What Xi talks about when Xi talks about reform


The People’s Daily tried valiantly but in vain to use rap videos to excite us about the Two Sessions, China’s biggest annual political meeting. But alas, the Two Sessions is a ritual full of set-pieces that bores many journalists to tears.

  • Occasionally, the events are livened up by mini scandals. In 2012, China’s internet was scandalized by the expensive luxury clothing worn by some delegates at the annual meeting.
  • In 2014, Chinese and foreign journalists cursed when a question for the “foreign media” was given to a journalist from an Australian media company controlled by the Chinese state.
  • This year has seen a repeat of the planted question from a “foreign” media organization: a journalist from a U.S.-based news media channel named AMTV that is affiliated with China’s CCTV asked a softball question. The reporter sitting next to her rolled her eyes dramatically — visualizing the feeling that Two Sessions and its managed media events produce in many of us.
  • The second reporter’s dismissive facial movements were captured on TV and instantly became an internet meme, in which the first journalist with the softball question is named “question-asking bitch” (提问婊 tíwèn biǎo).

A lot less fun than eye-rolling journalists is the announcement at the Two Sessions of a plan to restructure the ministries and commissions under the State Council, especially organizations that regulate the finance industry and the environment. You can read about these changes in more detail below.

This government reshuffle is so far the most significant news to come out of the Two Sessions after the controversial constitutional amendments that include the removal of presidential term limits.

Evan Feigenbaum of Macro Polo recently argued that to Beijing, “reform” means “market liberalization; administrative measures to increase bureaucratic and operational efficiencies; and a rebalancing of authorities and decision powers among central and local levels of government.”

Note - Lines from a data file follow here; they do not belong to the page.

(* Let $G=C(n;\{1,2,\dots,k\})$, where $n\geq 4$ and $1\leq k<\lfloor n/2\rfloor$. Then $G$ is a hypo-unique domination graph if and only if $2k+1$ divides $n-1$. If $2k+1$ divides $n-1$, then $n=|V(G)|=(\Delta(G)+1)(\gamma(G)-1)+1$ and $G$ is a hypo-efficient domination graph.
   Context: All graphs are finite, simple and undirected. The circulant graph $C(n;\{1,\dots,k\})$ has vertex set $\{0,1,\dots,n-1\}$, with $i$ adjacent to $i\pm 1,\dots,i\pm k \pmod n$. For $v\in V(G)$, $N[v]$ is the closed neighborhood of $v$. A set $D\subseteq V(G)$ is dominating if every vertex of $G$ not in $D$ has a neighbor in $D$; $\gamma(G)$ is the minimum size of a dominating set, and a dominating set of size $\gamma(G)$ is a $\gamma$-set. A set $D\subseteq V(H)$ is an efficient dominating set (EDS) of $H$ if $|N_H[v]\cap D|=1$ for every $v\in V(H)$. $G$ is a hypo-efficient domination graph if $G$ has no EDS but $G-v$ has at least one EDS for every $v\in V(G)$. $G$ is a hypo-unique domination graph if $G$ has at least two $\gamma$-sets but $G-v$ has exactly one $\gamma$-set for every $v\in V(G)$. $\Delta(G)$ is the maximum degree. *)

(* Graphs: a finite simple graph is a symmetric irreflexive
   relation [e : rel T] on a finType [T]; a (sub)graph is given by a vertex set
   [V : {set T}] together with the restriction of [e] to [V] (induced subgraph).
   Thus G - v is the induced subgraph on [V :\ v]. *)
From mathcomp Require Import all_boot.
Set Implicit Arguments. Unset Strict Implicit. Unset Printing Implicit Defensive.
(* If $K$ is a smooth convex domain, then its depth satisfies $h_K>0$.
   Context: A convex domain is a compact convex subset $K\subset\mathbb{C}$ with nonempty interior; it is smooth if at each boundary point there is a unique supporting line. A unit vector $\nu$ is an outer normal to $K$ at $\zeta\in\partial K$ if $\mathrm{Re}((z-\zeta)\overline{\nu})\le 0$ for all $z\in K$; then $(\zeta+\nu\mathbb{R})\cap K=[\zeta,\zeta-h\nu]$ with $h\ge0$. The local depth $h_K(\zeta)$ is the maximum of such $h$ over all outer unit normals at $\zeta$, and the depth is $h_K:=\inf_{\zeta\in\partial K}h_K(\zeta)$. *)

(* the complex plane C is modelled as R * R. *)
From Stdlib Require Import Reals.
Open Scope R_scope.

Definition pt := (R * R)%type.

Definition padd (z w : pt) : pt := (fst z + fst w, snd z + snd w).
Definition psub (z w : pt) : pt := (fst z - fst w, snd z - snd w).
Definition pscal (t : R) (z : pt) : pt := (t * fst z, t * snd z).
(* Re (z * conj w) *)
Definition dot (z w : pt) : R := fst z * fst w + snd z * snd w.
Definition pnorm (z : pt) : R := sqrt (dot z z).
Definition dist (z w : pt) : R := pnorm (psub z w).

Definition interior (K : pt -> Prop) (z : pt) : Prop :=
  exists r, 0 < r /\ forall w, dist w z < r -> K w.
Definition closure (K : pt -> Prop) (z : pt) : Prop :=
  forall r, 0 < r -> exists w, K w /\ dist w z < r.
Definition boundary (K : pt -> Prop) (z : pt) : Prop :=
  closure K z /\ ~ interior K z.

Definition closed_set (K : pt -> Prop) : Prop := forall z, closure K z -> K z.
Definition bounded_set (K : pt -> Prop) : Prop :=
  exists M, forall z, K z -> pnorm z <= M.
(* compact subset of C = R^2 (Heine-Borel) *)
Definition compact_set (K : pt -> Prop) : Prop := closed_set K /\ bounded_set K.
Definition convex_set (K : pt -> Prop) : Prop :=
  forall z w t, K z -> K w -> 0 <= t <= 1 ->
    K (padd (pscal (1 - t) z) (pscal t w)).

Definition convex_domain (K : pt -> Prop) : Prop :=
  compact_set K /\ convex_set K /\ exists z, interior K z.

Definition outer_normal (K : pt -> Prop) (zeta nu : pt) : Prop :=
  pnorm nu = 1 /\ forall z, K z -> dot (psub z zeta) nu <= 0.

(* smooth: at each boundary point there is a unique supporting line;
   supporting lines at zeta correspond to outer unit normals up to sign *)
Definition smooth (K : pt -> Prop) : Prop :=
  forall zeta, boundary K zeta ->
    forall nu1 nu2, outer_normal K zeta nu1 -> outer_normal K zeta nu2 ->
      nu1 = nu2 \/ nu1 = pscal (-1) nu2.

Definition chord_length (K : pt -> Prop) (zeta nu : pt) (h : R) : Prop :=
  0 <= h /\ forall t, K (padd zeta (pscal t nu)) <-> (- h <= t <= 0).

The government restructuring is happening now, I would argue, because Xi feels powerful enough to disturb entrenched interest groups. If you accept Feigenbaum’s definition of Chinese reform, the departmental rearrangements are a sign that Xi’s reforms are finally on track, even though they will not be to the taste of many observers.

16+1: China changes tack in Central and Eastern Europe

In 2016, China set up a new group called “16+1” — the name refers to the 16 countries of Central and Eastern Europe plus China — one of the newest of many multilateral organizations like BRICS and the SCO that China has created or co-opted in the last decade. But 16+1 was always a prickly affair:

  • Many of the 16 Central and Eastern European countries, such as Poland and the Czech Republic, have not had smooth relations with the People’s Republic until recently.
  • Each of the 16 have very different relations with Russia, the European Union, and China itself, making it difficult for the multilateral group to come to a consensus on anything. The 16 are: EU members — Bulgaria, Croatia, Czech Republic, Estonia, Hungary, Latvia, Lithuania, Poland, Romania, Slovakia, and Slovenia — and non-EU states — Albania, Bosnia and Herzegovina, Macedonia, Montenegro, and Serbia.
  • “China could delay the next ‘16+1’ summit, scheduled for the Bulgarian capital, Sofia, later this year, and hold future meetings every two years instead of on an annual basis,” according to a Reuters article citing “three European diplomats.”
  • Concerns that Beijing is seeking to divide Europe may be one factor in the decision; Beijing is apparently aware of its image problems, and this comes “at a time when the EU is discussing steps to more strictly control corporate takeovers of European firms by Chinese rivals.”
  • Enthusiasm for Chinese-led organizations and Chinese investment “remains strong in non-EU states like Serbia,” according to Reuters, partly because they crave Belt and Road dollars.